4. According to BOJ data, average commercial bank interest rates have not increased materially in line with its policy rate changes. How long is it likely to take for increases in the policy rate to cause significant increases in the interest rate of commercial banks? Aside from the costs (menu costs) involved in changing their rates, why have commercial banks been slow to react? What does this say about the transmission mechanism of domestic monetary policy? What does this say about the lag between policy rate increases and its impact on the real economy?
Would the BOJ argue that the inflation rate remains persistently above target because commercial banks have been slow to react to the BOJ’s policy rate increases? Alternatively, have the commercial banks done the prudent thing by not driving up interest rates? Surely, everyone with a mortgage would find it much harder to meet higher mortgage payments on top of the hefty increases in their food bills – increases that are often above the average inflation rate.
5. Is the BOJ concerned that without increasing its policy rate to 7.0 per cent, nominal wages would increase materially as workers demand more remuneration to pay for already-expensive goods? Are workers likely to be successful in their wage demands? Will firms buckle and pay significantly more? Can Jamaican firms afford to give their workers significant increases, thereby creating a wage-price spiral and de-anchoring inflation expectations in the process?
6. A BOJ survey conducted about a year ago shows that 62 per cent of the domestic firms surveyed are unaware of the inflation target, and 77 per cent are unaware of the point-to-point inflation rate. What does this mean for the efficacy of the BOJ’s efforts to fight the so-called second-round inflationary effects? Are domestic firms increasing their prices not only because of higher input costs, but also to make up for reduced profits during the height of COVID-19?
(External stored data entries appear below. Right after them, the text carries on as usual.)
(* Let $N_1,N_2,N_3\in\mathbb{N}$ with $(N_1,N_2)\neq(0,0)$, and let $\mathcal{G}=\mathcal{G}_{\mathrm{KMA}}(N_1,N_2,N_3)$. Then $\mathcal{G}-\mathcal{G}=\{-\max\mathcal{G},\ldots,\max\mathcal{G}\}$.
   Context: For $a\in\mathbb{Z}$, $b\in\mathbb{N}_+$, $c\in\mathbb{Z}$, $\{a:b:c\}=\{a,a+b,\ldots\}\cap(-\infty,c]$ (empty if $c<a$), $\{a:c\}=\{a:1:c\}$; set sums/differences are elementwise, $\mathcal{A}+c=\{a+c\}$. For $N_1,N_2\in\mathbb{N}$: $\mathcal{D}_1=\{0:N_1-1\}$, $\mathcal{D}_2=\{0:N_1+1:(N_2-1)(N_1+1)\}$, $\mathcal{D}_{\mathrm{CNA}}=\mathcal{D}_1\cup(\mathcal{D}_2+N_1)\cup(\mathcal{D}_1+N_2(N_1+1))$, $M=\max\mathcal{D}_{\mathrm{CNA}}$. For $N_3\in\mathbb{N}$: $\mathcal{D}_3=\{jN_1: j=0,\ldots,N_1\}+\{(i-1)(N_1^2+M+1): i=1,\ldots,N_3\}$ (empty if $N_3=0$). The Kl{\o}ve--Mossige array is $\mathcal{G}_{\mathrm{KMA}}(N_1,N_2,N_3)=\mathcal{D}_{\mathrm{CNA}}\cup(\mathcal{D}_3+2M+1)$. *)

(* Finite integer sets are represented as sequences of int. *)
From mathcomp Require Import all_boot all_order all_algebra.
Set Implicit Arguments. Unset Strict Implicit. Unset Printing Implicit Defensive.
Import Order.TTheory GRing.Theory Num.Theory.
Local Open Scope ring_scope.

(* {a:b:c} = {a, a+b, ...} ∩ (-oo, c]  (empty if c < a), for b >= 1.
   Indices k range over 0..|c-a|, which suffices since b >= 1. *)
Definition aprog (a : int) (b : nat) (c : int) : seq int :=
  [seq x <- [seq a + (k%:Z * b%:Z) | k <- iota 0 `|c - a|.+1] | x <= c].

Definition irange (a c : int) : seq int := aprog a 1 c.

Definition sumset (s t : seq int) : seq int := [seq x + y | x <- s, y <- t].
Definition diffset (s t : seq int) : seq int := [seq x - y | x <- s, y <- t].
Definition shift (s : seq int) (c : int) : seq int := [seq x + c | x <- s].

(* maximum of a finite set of integers; all sets below are nonempty and
   consist of nonnegative integers, so the default 0 is never the answer
   for a non-trivial reason *)
Definition smax (s : seq int) : int := \big[Num.max/0]_(x <- s) x.

Section KMA.
Variables N1 N2 N3 : nat.

Definition D1 : seq int := irange 0 (N1%:Z - 1).
Definition D2 : seq int := aprog 0 N1.+1 ((N2%:Z - 1) * (N1%:Z + 1)).
Definition DCNA : seq int :=
  D1 ++ shift D2 N1%:Z ++ shift D1 (N2%:Z * (N1%:Z + 1)).
Definition MCNA : int := smax DCNA.
Definition D3 : seq int :=
  sumset [seq (j%:Z * N1%:Z) | j <- iota 0 N1.+1]
         [seq ((i%:Z - 1) * (N1%:Z ^+ 2 + MCNA + 1)) | i <- iota 1 N3].
Definition GKMA : seq int := DCNA ++ shift D3 (2 * MCNA + 1).
End KMA.

From Pilot Require Import Defs.
From mathcomp Require Import all_boot all_order all_algebra zify ring.
Set Implicit Arguments. Unset Strict Implicit. Unset Printing Implicit Defensive.
Import Order.TTheory GRing.Theory Num.Theory.
Local Open Scope ring_scope.

(* Write n = N1, m = N2, c = N3.  The array D_CNA is described by the
   predicate [inCNA n m]: the run {0..n-1}, the progression n + k(n+1)
   (0 <= k < m) and the run m(n+1) + {0..n-1}.  Its maximum is
   M = m(n+1) + n - 1, and it is symmetric under x |-> M - x.  Two covering
   facts drive the proof: D_CNA - D_CNA contains [0, M], and
   {0, n, ..., n^2} + D_CNA contains [0, n^2 + M].  The array G adds the
   translates jn + (i-1)L + 2M + 1 (0 <= j <= n, 1 <= i <= c) of period
   L = n^2 + M + 1, described by [inKMA n m c]; its maximum is M + cL.
   A difference d in (M, M + cL] is obtained by writing d - M - 1 = qL + r,
   r = jn + z with z in D_CNA, and d = (jn + qL + 2M + 1) - (M - z).
   The file first proves these facts for integer parameters, then links the
   list-based definitions of Defs to the predicates, and concludes with the
   general observation that a set of nonnegative integers bounded by U
   whose positive differences cover [0, U] has difference set [-U, U]. *)

Lemma mem_aprog (a c : int) (b : nat) (x : int) : (0 < b)%N ->
  x \in aprog a b c <-> exists k : int, [/\ 0 <= k, x = a + k * b%:Z & x <= c].
Proof.
move=> b_gt0; rewrite /aprog mem_filter; split.
  by case/andP=> xc /mapP[k _ xE]; exists k%:Z; rewrite -xE.
case=> k [k_ge0 -> le_c]; rewrite le_c; apply/mapP; exists `|k|%N.
  rewrite mem_iota add0n ltnS; nia.
by rewrite gez0_abs.
Qed.

Lemma mem_shift (s : seq int) (c x : int) :
  x \in shift s c <-> exists2 y, y \in s & x = y + c.
Proof. by split; [case/mapP=> y ? ->; exists y | case=> y ? ->; apply: map_f]. Qed.

Lemma mem_diffset (s t : seq int) (d : int) :
  d \in diffset s t <-> exists x y, [/\ x \in s, y \in t & d = x - y].
Proof.
split; first by case/allpairsP=> [[x y] /= [? ? ->]]; exists x, y.
by case=> x [y [? ? ->]]; apply/allpairsP; exists (x, y).
Qed.

Lemma smax_eq (s : seq int) (U : int) :
  0 <= U -> U \in s -> (forall x, x \in s -> x <= U) -> smax s = U.
Proof.
move=> U_ge0 Us le_U; apply/eqP; rewrite eq_le; apply/andP; split.
  rewrite /smax big_seq; apply: (big_ind (fun y => y <= U)) => // x y x_le y_le.
  by rewrite ge_max x_le y_le.
elim: s Us {le_U} => // y r IH; rewrite inE /smax big_cons -/(smax r) le_max.
by case/orP=> [/eqP-> | /IH ->]; rewrite ?lexx ?orbT.
Qed.

Lemma diffset_interval (s : seq int) (U : int) :
  (forall x, x \in s -> 0 <= x <= U) ->
  (forall d, 0 <= d <= U -> exists x y, [/\ x \in s, y \in s & d = x - y]) ->
  forall d, d \in diffset s s = (- U <= d <= U).
Proof.
move=> bound cover d; apply/idP/idP.
  by case/mem_diffset=> x [y [/bound ? /bound ? ->]]; lia.
move=> d_bd; apply/mem_diffset.
have [d_ge0 | d_lt0] := lerP 0 d; first by apply: cover; lia.
have [x [y [xs ys dE]]] : exists x y, [/\ x \in s, y \in s & - d = x - y].
  by apply: cover; lia.
by exists y, x; split=> //; lia.
Qed.

Lemma euclid_nonneg (a b : int) : 0 <= a -> 0 < b ->
  exists q r, [/\ a = q * b + r, 0 <= q & 0 <= r < b].
Proof.
move=> a_ge0 b_gt0; exists (a %/ b)%Z, (a %% b)%Z.
have b_neq0 : b != 0 by rewrite gt_eqF.
have r_bd : 0 <= (a %% b)%Z < b by rewrite modz_ge0 // ltz_pmod.
have aE := divz_eq a b; split=> //; nia.
Qed.

Definition inCNA (n m x : int) : Prop :=
  [\/ 0 <= x <= n - 1,
      exists2 k, 0 <= k <= m - 1 & x = n + k * (n + 1)
    | exists2 t, 0 <= t <= n - 1 & x = m * (n + 1) + t].

Definition cnaMax (n m : int) : int := m * (n + 1) + n - 1.

Section CNA.
Variables n m : int.
Hypotheses (n_ge0 : 0 <= n) (m_ge0 : 0 <= m).

Lemma inCNA_bound x : inCNA n m x -> 0 <= x <= cnaMax n m.
Proof. by rewrite /cnaMax; case=> [? | [k ? ->] | [t ? ->]]; nia. Qed.

(* D_CNA is symmetric about M/2: the three pieces are exchanged. *)
Lemma inCNA_sym x : inCNA n m x -> inCNA n m (cnaMax n m - x).
Proof.
rewrite /cnaMax; case=> [x_bd | [k k_bd ->] | [t t_bd ->]].
- by apply: Or33; exists (n - 1 - x); [lia | ring].
- by apply: Or32; exists (m - 1 - k); [lia | ring].
- by apply: Or31; lia.
Qed.

(* M belongs to D_CNA (the image of 0 under the symmetry). *)
Lemma inCNA_max : 0 < n \/ 0 < m -> inCNA n m (cnaMax n m).
Proof.
move=> nm_pos; rewrite -[cnaMax n m]subr0; apply: inCNA_sym.
have [n_gt0 | n_eq0] : 0 < n \/ n = 0 by lia.
  by apply: Or31; lia.
by apply: Or32; exists 0; [lia | rewrite n_eq0; ring].
Qed.

(* Every d in [0, M] is a difference of two elements of D_CNA: with
   d = q(n+1) + r, use n + q(n+1) minus a point of the first run, or the
   last run minus 0 when q = m. *)
Lemma inCNA_cover d : 0 <= d <= cnaMax n m ->
  exists x y, [/\ inCNA n m x, inCNA n m y & d = x - y].
Proof.
rewrite /cnaMax => d_bd.
have [q [r [dE q_ge0 r_bd]]] := @euclid_nonneg d (n + 1) ltac:(lia) ltac:(lia).
have [q_lt | q_ge] : q <= m - 1 \/ m <= q by lia.
  have long : inCNA n m (n + q * (n + 1)) by apply: Or32; exists q; lia.
  have [r_eq0 | r_gt0] : r = 0 \/ 0 < r by lia.
    exists (n + q * (n + 1)), n; split=> //; last by rewrite dE r_eq0; ring.
    by apply: Or32; exists 0; [lia | ring].
  exists (n + q * (n + 1)), (n - r); split=> //; last by rewrite dE; ring.
  by apply: Or31; lia.
have q_eq : q = m by nia.
exists (m * (n + 1) + r), 0; split; last by rewrite dE q_eq; ring.
- by apply: Or33; exists r; [nia | done].
- by apply: Or31; nia.
Qed.

(* {0, n, ..., n^2} + D_CNA covers [0, n^2 + M]: the two runs absorb the
   ends of the range, the middle uses the progression n + k(n+1). *)
Lemma inCNA_cover_steps e : 0 <= e <= n * n + cnaMax n m ->
  exists j z, [/\ 0 <= j <= n, inCNA n m z & e = j * n + z].
Proof.
rewrite /cnaMax => e_bd.
have [n_eq0 | n_gt0] : n = 0 \/ 0 < n by lia.
  exists 0, e; split; [lia | | ring].
  by apply: Or32; exists e; [nia | rewrite n_eq0; ring].
have [e_low | [e_high | e_mid]] :
    e <= n * n + n - 1 \/ m * (n + 1) <= e \/ n * n + n <= e <= m * (n + 1) - 1
  by lia.
- have [q [r [eE q_ge0 r_bd]]] := @euclid_nonneg e n ltac:(lia) n_gt0.
  by exists q, r; split; [nia | apply: Or31; lia | lia].
- have [q [r [eE q_ge0 r_bd]]] :=
    @euclid_nonneg (e - m * (n + 1)) n ltac:(lia) n_gt0.
  exists q, (m * (n + 1) + r); split; [nia | | lia].
  by apply: Or33; exists r; lia.
- have [q [r [eE q_ge0 r_bd]]] :=
    @euclid_nonneg (e - n) (n + 1) ltac:(lia) ltac:(lia).
  have [r_eq0 | r_gt0] : r = 0 \/ 0 < r by lia.
    exists 0, (n + q * (n + 1)); split; [lia | | lia].
    by apply: Or32; exists q; nia.
  exists (n + 1 - r), (n + (q + r - n) * (n + 1)); split; [lia | | nia].
  by apply: Or32; exists (q + r - n); nia.
Qed.

End CNA.

Definition kmaPeriod (n m : int) : int := n * n + cnaMax n m + 1.

Definition inKMA (n m c x : int) : Prop :=
  inCNA n m x \/
  exists j i, [/\ 0 <= j <= n, 1 <= i <= c &
    x = j * n + (i - 1) * kmaPeriod n m + (2 * cnaMax n m + 1)].

Definition kmaMax (n m c : int) : int := cnaMax n m + c * kmaPeriod n m.

Section KMA.
Variables n m c : int.
Hypotheses (n_ge0 : 0 <= n) (m_ge0 : 0 <= m) (c_ge0 : 0 <= c).
Hypothesis nm_pos : 0 < n \/ 0 < m.

Let M_ge0 : 0 <= cnaMax n m.
Proof. by case/andP: (inCNA_bound n_ge0 m_ge0 (inCNA_max n_ge0 m_ge0 nm_pos)). Qed.

Lemma inKMA_bound x : inKMA n m c x -> 0 <= x <= kmaMax n m c.
Proof.
rewrite /kmaMax; case=> [/(inCNA_bound n_ge0 m_ge0) | [j [i [j_bd i_bd ->]]]].
  by have := M_ge0; rewrite /kmaPeriod; nia.
have : (i - 1) * kmaPeriod n m <= (c - 1) * kmaPeriod n m.
  by apply: ler_wpM2r; rewrite /kmaPeriod; nia.
by have := M_ge0; rewrite /kmaPeriod; nia.
Qed.

(* M + cL belongs to G_KMA: it is M if c = 0, and n*n + (c-1)L + 2M + 1
   otherwise. *)
Lemma inKMA_max : inKMA n m c (kmaMax n m c).
Proof.
have [c_eq0 | c_gt0] : c = 0 \/ 0 < c by lia.
  by left; rewrite /kmaMax c_eq0 mul0r addr0; apply: inCNA_max.
right; exists n, c; split; [lia | lia | rewrite /kmaMax /kmaPeriod; ring].
Qed.

Lemma inKMA_cover d : 0 <= d <= kmaMax n m c ->
  exists x y, [/\ inKMA n m c x, inKMA n m c y & d = x - y].
Proof.
rewrite /kmaMax => d_bd.
have [d_low | d_high] : d <= cnaMax n m \/ cnaMax n m < d by lia.
  have [x [y [Cx Cy dE]]] : exists x y, [/\ inCNA n m x, inCNA n m y & d = x - y].
    by apply: inCNA_cover => //; lia.
  by exists x, y; split=> //; left.
have L_gt0 : 0 < kmaPeriod n m by rewrite /kmaPeriod; nia.
have [q [r [dE q_ge0 r_bd]]] :=
  @euclid_nonneg (d - (cnaMax n m + 1)) (kmaPeriod n m) ltac:(lia) L_gt0.
have q_lt : q <= c - 1 by nia.
have [j [z [j_bd Cz rE]]] : exists j z, [/\ 0 <= j <= n, inCNA n m z & r = j * n + z].
  by apply: inCNA_cover_steps => //; move: r_bd; rewrite /kmaPeriod; lia.
exists (j * n + ((q + 1) - 1) * kmaPeriod n m + (2 * cnaMax n m + 1)), (cnaMax n m - z).
split; [right; exists j, (q + 1); split; lia | left; exact: inCNA_sym | lia].
Qed.

End KMA.

Section Encoding.
Variables N1 N2 N3 : nat.

Lemma mem_D1 x : x \in D1 N1 <-> 0 <= x <= N1%:Z - 1.
Proof.
rewrite /D1 /irange mem_aprog //; split; first by case=> k [k_ge0 -> ?]; lia.
by move=> x_bd; exists x; split; lia.
Qed.

Lemma mem_D2 x : x \in D2 N1 N2 <->
  exists2 k, 0 <= k <= N2%:Z - 1 & x = k * (N1%:Z + 1).
Proof.
rewrite /D2 mem_aprog //; split; first by case=> k [k_ge0 -> ?]; exists k; nia.
by case=> k k_bd ->; exists k; split; nia.
Qed.

Lemma mem_DCNA x : x \in DCNA N1 N2 <-> inCNA N1%:Z N2%:Z x.
Proof.
rewrite /DCNA !mem_cat; split.
  case/orP=> [/mem_D1 ? | /orP[/mem_shift[y /mem_D2[k k_bd ->] ->]
                           | /mem_shift[t /mem_D1 t_bd ->]]].
  - exact: Or31.
  - by apply: Or32; exists k => //; ring.
  - by apply: Or33; exists t => //; ring.
case=> [x_bd | [k k_bd ->] | [t t_bd ->]]; apply/orP.
- by left; apply/mem_D1.
- right; apply/orP; left; apply/mem_shift; exists (k * (N1%:Z + 1)); last ring.
  by apply/mem_D2; exists k.
- by right; apply/orP; right; apply/mem_shift; exists t; [apply/mem_D1 | ring].
Qed.

(* Excluding N1 = N2 = 0 makes D_CNA nonempty, so that MCNA is M. *)
Hypothesis nm_pos : 0 < N1%:Z \/ 0 < N2%:Z.

Lemma MCNA_cnaMax : MCNA N1 N2 = cnaMax N1%:Z N2%:Z.
Proof.
have [n_ge0 m_ge0] : 0 <= N1%:Z /\ 0 <= N2%:Z by [].
have Cmax := inCNA_max n_ge0 m_ge0 nm_pos.
apply: smax_eq; first by case/andP: (inCNA_bound n_ge0 m_ge0 Cmax).
  exact/mem_DCNA.
by move=> x /mem_DCNA/(inCNA_bound n_ge0 m_ge0)/andP[].
Qed.

Lemma mem_D3 x : x \in D3 N1 N2 N3 <->
  exists j i, [/\ 0 <= j <= N1%:Z, 1 <= i <= N3%:Z &
    x = j * N1%:Z + (i - 1) * kmaPeriod N1%:Z N2%:Z].
Proof.
rewrite /D3 /sumset /kmaPeriod -MCNA_cnaMax -expr2; split.
  case/allpairsP=> [[a b] [/mapP[j j_in ->] /mapP[i i_in ->] ->]].
  by move: j_in i_in; rewrite !mem_iota => ? ?; exists j%:Z, i%:Z; split; lia.
case=> j [i [j_bd i_bd ->]]; apply/allpairsP.
exists (j * N1%:Z, (i - 1) * (N1%:Z ^+ 2 + MCNA N1 N2 + 1)); split=> //.
- by apply/mapP; exists `|j|%N; [rewrite mem_iota; lia | rewrite gez0_abs //; lia].
- by apply/mapP; exists `|i|%N; [rewrite mem_iota; lia | rewrite gez0_abs //; lia].
Qed.

Lemma mem_GKMA x : x \in GKMA N1 N2 N3 <-> inKMA N1%:Z N2%:Z N3%:Z x.
Proof.
rewrite /GKMA mem_cat MCNA_cnaMax; split.
  case/orP=> [/mem_DCNA | /mem_shift[y /mem_D3[j [i [j_bd i_bd ->]]] ->]]; first by left.
  by right; exists j, i.
case=> [/mem_DCNA -> // | [j [i [j_bd i_bd ->]]]].
apply/orP; right; apply/mem_shift.
by exists (j * N1%:Z + (i - 1) * kmaPeriod N1%:Z N2%:Z) => //; apply/mem_D3; exists j, i.
Qed.

Lemma smax_GKMA : smax (GKMA N1 N2 N3) = kmaMax N1%:Z N2%:Z N3%:Z.
Proof.
have [n_ge0 m_ge0 c_ge0] : [/\ 0 <= N1%:Z, 0 <= N2%:Z & 0 <= N3%:Z] by [].
have Gmax := inKMA_max n_ge0 m_ge0 c_ge0 nm_pos.
apply: smax_eq; first by case/andP: (inKMA_bound n_ge0 m_ge0 c_ge0 nm_pos Gmax).
  exact/mem_GKMA.
by move=> x /mem_GKMA/(inKMA_bound n_ge0 m_ge0 c_ge0 nm_pos)/andP[].
Qed.

End Encoding.

Theorem mainTheorem13 (N1 N2 N3 : nat) :
  (N1, N2) <> (0%N, 0%N) ->
  forall d : int,
    d \in diffset (GKMA N1 N2 N3) (GKMA N1 N2 N3) =
    (- smax (GKMA N1 N2 N3) <= d <= smax (GKMA N1 N2 N3)).
Proof.
move=> nz d.
have nm_pos : 0 < N1%:Z \/ 0 < N2%:Z.
  by move: nz; case: N1 => [|a]; case: N2 => [|b] // _; lia.
have [n_ge0 m_ge0 c_ge0] : [/\ 0 <= N1%:Z, 0 <= N2%:Z & 0 <= N3%:Z] by [].
have memG := mem_GKMA N3 nm_pos.
rewrite smax_GKMA //; apply: diffset_interval => [x /memG | e e_bd].
  exact: inKMA_bound.
have [x [y [Gx Gy eE]]] := inKMA_cover n_ge0 m_ge0 c_ge0 nm_pos e_bd.
by exists x, y; split=> //; apply/memG.
Qed.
Surely, if a firm would like to charge higher prices, as they generally desire, a good time to justify doing so is when everyone is talking about inflation.
7. Fast-forward to December 2023, assuming no additional global shocks and domestic inflation returning to the target range, will the policy rate be lowered to the IMF’s neutral policy rate for Jamaica of 4 per cent or perhaps around half-way, 5 per cent, between the upper and lower bounds (2.6-7.6 per cent) of the BOJ’s range for the neutral rate? It is important to note that the BOJ has stated in its recent monetary policy report that it will review the monetary transmission mechanism to ensure that its monetary policy actions have the desired effect.
In closing, it is apropos to recognise the “clean bill of economic health” Jamaica received during its recent annual Article IV consultation, or check-up, by the IMF. This is all well and good, and is consistent with what we have become accustomed to hearing as regards the stewardship and performance of the Jamaican economy in recent years.
Perhaps the more interesting economic story for 2022 is that the Jamaican dollar appreciated against the US dollar between February 2022 and February 2023, at a time when about 90 countries around the world saw their currencies depreciating; 30 of them had a depreciation of at least 10 per cent.
Is there a Byles effect? Time will tell.